Cross-view Self-localization from Synthesized Scene-graphs
This work addresses the problem of visual place recognition in sparse viewpoints for robotics or AR applications, representing an incremental improvement by combining existing techniques to mitigate quality and storage issues.
The paper tackles cross-view self-localization by proposing a hybrid scene model that fuses view-invariant appearance features from raw images with view-dependent spatial-semantic features from synthesized images, achieving improved performance on a novel dataset generated with a photorealistic Habitat simulator.

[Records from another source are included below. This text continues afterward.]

(* For each integer $g\ge 3$ there exists a nonempty congruence family of genus $g$ hyperelliptic curves over $\mathbb{Q}$ with a rational Weierstrass point $\infty$ such that every curve $C$ in the family has good reduction at $3$ and satisfies $C_{\mathbb{F}_3}(\mathbb{F}_3)=\{\overline{\infty}\}$ and $C_{\mathbb{F}_3}(\mathbb{F}_9)=\{\overline{\infty},(0,\pm\alpha),(1,\pm\alpha),(2,\pm\alpha)\}$ for some $\alpha\in\mathbb{F}_9\setminus\mathbb{F}_3$.
   Context: A genus $g$ hyperelliptic curve over $\mathbb{Q}$ with a marked rational Weierstrass point $\infty$ has a unique minimal affine model $y^2=x^{2g+1}+a_2x^{2g-1}+\dots+a_{2g+1}$ with integer coefficients, separable right-hand side, $\infty$ the point at infinity, and no prime $p$ with $p^{2i}\mid a_i$ for all $i\ge2$. A congruence family is the set of such curves whose minimal-equation coefficients satisfy a given finite set of congruence conditions. $C_{\mathbb{F}_3}$ denotes the reduction mod $3$ of the minimal model, with points written in the affine coordinates $(x,y)$ together with the reduction $\overline{\infty}$ of $\infty$. *)

From HB Require Import structures.
From mathcomp Require Import all_boot all_order all_algebra all_field.
Set Implicit Arguments. Unset Strict Implicit. Unset Printing Implicit Defensive.
Import Order.TTheory GRing.Theory Num.Theory.
Local Open Scope ring_scope.

(* A genus g minimal affine model  y^2 = f(x)  is encoded by the integer
   polynomial f = x^(2g+1) + a_2 x^(2g-1) + ... + a_(2g+1). *)

Definition coef_a (g : nat) (f : {poly int}) (i : nat) : int := f`_(2 * g + 1 - i).

Definition poly_Q (f : {poly int}) : {poly rat} := map_poly (fun z : int => z%:~R) f.

(* f is the right-hand side of the (unique) minimal model of a genus g
   hyperelliptic curve over Q with marked rational Weierstrass point at infinity *)
Definition is_min_model (g : nat) (f : {poly int}) : Prop :=
  [/\ f \is monic, size f = (2 * g + 2)%N, f`_(2 * g) = 0,
      separable_poly (poly_Q f) &
      forall p : nat, prime p ->
        ~ (forall i : nat, (2 <= i <= 2 * g + 1)%N ->
             ((p ^ (2 * i))%:Z %| coef_a g f i)%Z)].

(* A congruence condition (i, m, r) : a_i = r (mod m), with m > 0 and
   2 <= i <= 2g+1. *)
Definition valid_cond (g : nat) (c : nat * int * int) : bool :=
  [&& (2 <= c.1.1 <= 2 * g + 1)%N & (0 < c.1.2)%R].

Definition sat_cond (g : nat) (f : {poly int}) (c : nat * int * int) : bool :=
  (coef_a g f c.1.1 == c.2 %[mod c.1.2])%Z.

Definition in_family (g : nat) (conds : seq (nat * int * int)) (f : {poly int}) : Prop :=
  is_min_model g f /\ all (sat_cond g f) conds.

Definition red (F : nzRingType) (f : {poly int}) : {poly F} :=
  map_poly (fun z : int => z%:~R) f.

(* good reduction at 3: the reduction mod 3 of the minimal model is smooth,
   i.e. f mod 3 is separable (p = 3 odd, deg f odd so infinity is smooth) *)
Definition good_red3 (f : {poly int}) : Prop := separable_poly (red 'F_3 f).

Definition aff_pt (F : nzRingType) (f : {poly int}) (x y : F) : Prop :=
  y ^+ 2 = (red F f).[x].

From HB Require Import structures.
From mathcomp Require Import all_boot all_order all_algebra all_field.
From mathcomp Require Import ring zify.
Set Implicit Arguments.
Unset Strict Implicit.
Unset Printing Implicit Defensive.
Import Order.TTheory GRing.Theory Num.Theory.
Local Open Scope ring_scope.

(* Take [H = X^n - X^e - 1] with [n = 2g + 1] and [e = 3n (mod 8)] (and
   [H = X^9 + X^3 + X - 1] for [g = 4]); the family consists of the minimal
   models congruent to [H] mod 3.  On F_9 one has [x^e = (x^n)^3], so
   [H(x) = u - u^3 - 1] with [u = x^n], and [u] lies in F_3 exactly when [x]
   does, as [n] is odd.  For [u] in F_3 this is [-1], a non-square of F_3 whose
   square roots [+-alpha] lie in F_9.  Otherwise [t = u^3 - u] satisfies
   [t^3 = -t] by Frobenius, hence [t^2 = -1] and [(t + 1)^4 = (2t)^2 = -1], so
   [H(x)] is a non-square of F_9.  Mod 3, [H'] is [c X^a (X^2 - 1)^b] (except
   for [g = 3], settled by a Bezout identity), so [H] is separable since
   [H = -1] on F_3; a resultant argument lifts separability to Q, and the
   constant term [-1] makes the model minimal. *)

Lemma rmorph_resultant (aR rR : comNzRingType) (f : {rmorphism aR -> rR})
    (p q : {poly aR}) :
    f (lead_coef p) != 0 -> f (lead_coef q) != 0 ->
  f (resultant p q) = resultant (map_poly f p) (map_poly f q).
Proof.
move=> nz_fp nz_fq; rewrite /resultant /Sylvester_mx !size_map_poly_id0 //.
rewrite -det_map_mx /= map_col_mx; congr (\det (col_mx _ _));
  by apply: map_lin1_mx => v; rewrite map_poly_rV rmorphM /= map_rVpoly.
Qed.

Cross-view self-localization is a challenging scenario of visual place recognition in which database images are provided from sparse viewpoints. Recently, an approach for synthesizing database images from unseen viewpoints using NeRF (Neural Radiance Fields) technology has emerged with impressive performance. However, synthesized images provided by these techniques are often of lower quality than the original images, and furthermore they significantly increase the storage cost of the database. In this study, we explore a new hybrid scene model that combines the advantages of view-invariant appearance features computed from raw images and view-dependent spatial-semantic features computed from synthesized images. These two types of features are then fused into scene graphs, and compressively learned and recognized by a graph neural network. The effectiveness of the proposed method was verified using a novel cross-view self-localization dataset with many unseen views generated using a photorealistic Habitat simulator.